The criminal investigation is centered on the theatrical production Finist the Brave Falcon, which premiered in 2020. The play was staged as part of the theater project SOSO Daughters, which is run by Berkovich. It is based on the criminal trials of [Russian] women who married radical Islamists. They came to know the men online and, having never met them in person, went to live with them in Syria.

“Zhenya Berkovich’s staging of Svetlana Petriichuk’s provocative, documentary style play, tells the story of a Russian woman who befriends and is seduced by a member of an Islamic radical sect online, goes to Syria, marries him, and upon her eventual return to Russia is tried as a terrorist.

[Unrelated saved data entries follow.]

Lemma weighted_geometric_sum (R : comPzRingType) (q : R) N :
  (1 - q) ^+ 2 * \sum_(1 <= l < N.+1) l%:R * q ^+ l.-1
  = 1 - N.+1%:R * q ^+ N + N%:R * q ^+ N.+1.
Proof.
elim: N => [|N IHN]; first by rewrite big_geq // mulr0 expr0 expr1; ring.
by rewrite big_nat_recr //= mulrDr IHN !exprS -!natr1; ring.
Qed.

Section SeriesSolutions.
Variables (F : fieldType) (M : nat) (u : {poly F}).
Hypothesis u_dvdX : 'X %| u.
Hypothesis u_eq : eqmodX M u ('X * (1 + u) ^+ 2).

(* In the step lemmas [w] stands for [u ^+ (2 ^ r).-1], so that [u * w = u ^+ 2 ^ r]. *)
Lemma reg_lt_series_step (L A w : {poly F}) :
  eqmodX M (L * (1 - u * w)) ((1 + u) * (1 - u * w) - (1 - u ^+ 2) * w) ->
  eqmodX M (A * (1 - (u * w) ^+ 2)) ((1 - u ^+ 2) * w) ->
  eqmodX M ((L + A) * (1 - (u * w) ^+ 2))
           ((1 + u) * (1 - (u * w) ^+ 2) - (1 - u ^+ 2) * ((u * w) * w)).
Proof.
move=> hL hA.
apply: (eqmodX_trans (L * (1 - u * w) * (1 + u * w) + A * (1 - (u * w) ^+ 2))).
  by apply: eqmodX_eq; ring.
apply: (eqmodX_trans (((1 + u) * (1 - u * w) - (1 - u ^+ 2) * w) * (1 + u * w)
                      + (1 - u ^+ 2) * w)); first by eqmodX_congr.
by apply: eqmodX_eq; ring.
Qed.

Lemma reg_series_step (A A' L w : {poly F}) :
  eqmodX M (A * (1 - (u * w) ^+ 2)) ((1 - u ^+ 2) * w) ->
  eqmodX M (L * (1 - (u * w) ^+ 2))
           ((1 + u) * (1 - (u * w) ^+ 2) - (1 - u ^+ 2) * ((u * w) * w)) ->
  eqmodX M A' ('X * (A ^+ 2 + 2 * A' * L)) ->
  eqmodX M (A' * (1 - ((u * w) ^+ 2) ^+ 2)) ((1 - u ^+ 2) * ((u * w) * w)).
Proof.
move=> hA hL hA'; set q := u * w.
(* [A' = X A^2 / (1 - 2 X L)]; [den] evaluates the denominator using [X (1 + u)^2 = u]. *)
have den : eqmodX M ((1 + u) ^+ 2 * (1 - q ^+ 2) * (1 - 2 * 'X * L))
                    ((1 - u ^+ 2) * (1 + q ^+ 2)).
  apply: (eqmodX_trans ((1 + u) ^+ 2 * (1 - q ^+ 2)
                        - 2 * ('X * (1 + u) ^+ 2) * (L * (1 - q ^+ 2)))).
    by apply: eqmodX_eq; ring.
  apply: (eqmodX_trans ((1 + u) ^+ 2 * (1 - q ^+ 2)
            - 2 * u * ((1 + u) * (1 - q ^+ 2) - (1 - u ^+ 2) * (q * w)))).
    by eqmodX_congr; apply: eqmodX_sym.
  by apply: eqmodX_eq; rewrite /q; ring.
have num : eqmodX M (A' * (1 - 2 * 'X * L)) ('X * A ^+ 2).
  apply: (eqmodX_trans (A' - 'X * (A ^+ 2 + 2 * A' * L) + 'X * A ^+ 2)).
    by apply: eqmodX_eq; ring.
  apply: (eqmodX_trans ('X * (A ^+ 2 + 2 * A' * L) - 'X * (A ^+ 2 + 2 * A' * L)
                        + 'X * A ^+ 2)); first by eqmodX_congr.
  by apply: eqmodX_eq; ring.
apply: (eqmodX_cancel1B (u ^+ 2)); first by rewrite exprS dvdp_mulr.
apply: (eqmodX_trans (A' * (1 - q ^+ 2) * ((1 - u ^+ 2) * (1 + q ^+ 2)))).
  by apply: eqmodX_eq; ring.
apply: (eqmodX_trans ((1 + u) ^+ 2 * (1 - q ^+ 2) ^+ 2 * ('X * A ^+ 2))).
  apply: (eqmodX_trans (A' * (1 - q ^+ 2) * ((1 + u) ^+ 2 * (1 - q ^+ 2) * (1 - 2 * 'X * L)))).
    by have := eqmodX_sym den; eqmodX_congr.
  apply: (eqmodX_trans ((1 + u) ^+ 2 * (1 - q ^+ 2) ^+ 2 * (A' * (1 - 2 * 'X * L)))).
    by apply: eqmodX_eq; ring.
  by eqmodX_congr.
apply: (eqmodX_trans (('X * (1 + u) ^+ 2) * (A * (1 - q ^+ 2)) ^+ 2)).
  by apply: eqmodX_eq; ring.
apply: (eqmodX_trans (u * ((1 - u ^+ 2) * w) ^+ 2)); first by eqmodX_congr; apply: eqmodX_sym.
by apply: eqmodX_eq; rewrite /q; ring.
Qed.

In recent years, there have been hundreds, if not thousands of such cases in Russia, Kazakhstan and Uzbekistan. From what are these women running? What is driving them to abandon their friends, relatives, universities and workplaces for the promise of some shadowy paradise? All this takes place in the metaphysical space of the Russian fairy tale “Finist the Brave Falcon,” in which the heroine Maryushka seeks and cannot find her betrothed, the mysterious hero, whose face she has never seen and will never see, but is ready to sacrifice everything in order to meet him.”
[This annotation has been edited slightly to make it more readable.]

The Investigative Committee claims that the production “publicly justified terrorism,” which is a criminal offense per Article 205.2 of the Criminal Code and punishable by up to seven years in prison. The details of the case are still unknown. Berkovich and Petriichuk spent the entire day undergoing interrogation as witnesses in the case, and it had seemed that they might be released, but as of evening both were still in police custody.

Last year, Finist the Brave Falcon won two Golden Mask Awards—for best playwright and for best costumes. Costume designer Ksenia Sorokina handed over her award to Petersburg artist Sasha Skochilenko, who has been in jail since April 2022, charged with disseminating “fake news” about the Russian army. (Skochilenko is alleged to have replace price tags in a grocery store with information about the war.)

Zhenya Berkovich has also not made a secret of her anti-war views, including in her poetry. A collection of her poems was published in Israel earlier this month.

“Open Telegram and keep up with the news. / Rate this year in terms of its nineteen-thirty-seven-ness,” one of them begins.

According to Berkovich, her grandmother, the 88-year-old writer Nina Katerli, was worried about her granddaughter, even going so far as to tell her, “Zhenya, be quiet for a while.” Actually, the director explained that she had decided to stay in Russia, no matter what, because she had to take care of her sick grandmother.

“It is to a large extent a necessity, due to all sorts of family obligations,” Berkovich said in December. “If it were now a question of going to prison or taking care of my grandmother, then of course I would leave, because I wouldn’t be able to take care of my grandmother from prison. But right now this is not the choice I’m facing.”

“Zhenya Berkovich: Why I have stayed in Russia and how to go on living”:
Berkovich interviewed by journalist Liza Lazerson, as posted in on YouTube in December 2022 (in Russian)

This morning, the security forces searched Berkovich’s grandmother’s apartment. Berkovich and Petriichuk will spend the night at a temporary detention facility, and tomorrow a court will decide whether to remand them in custody or subject them to other restrictions.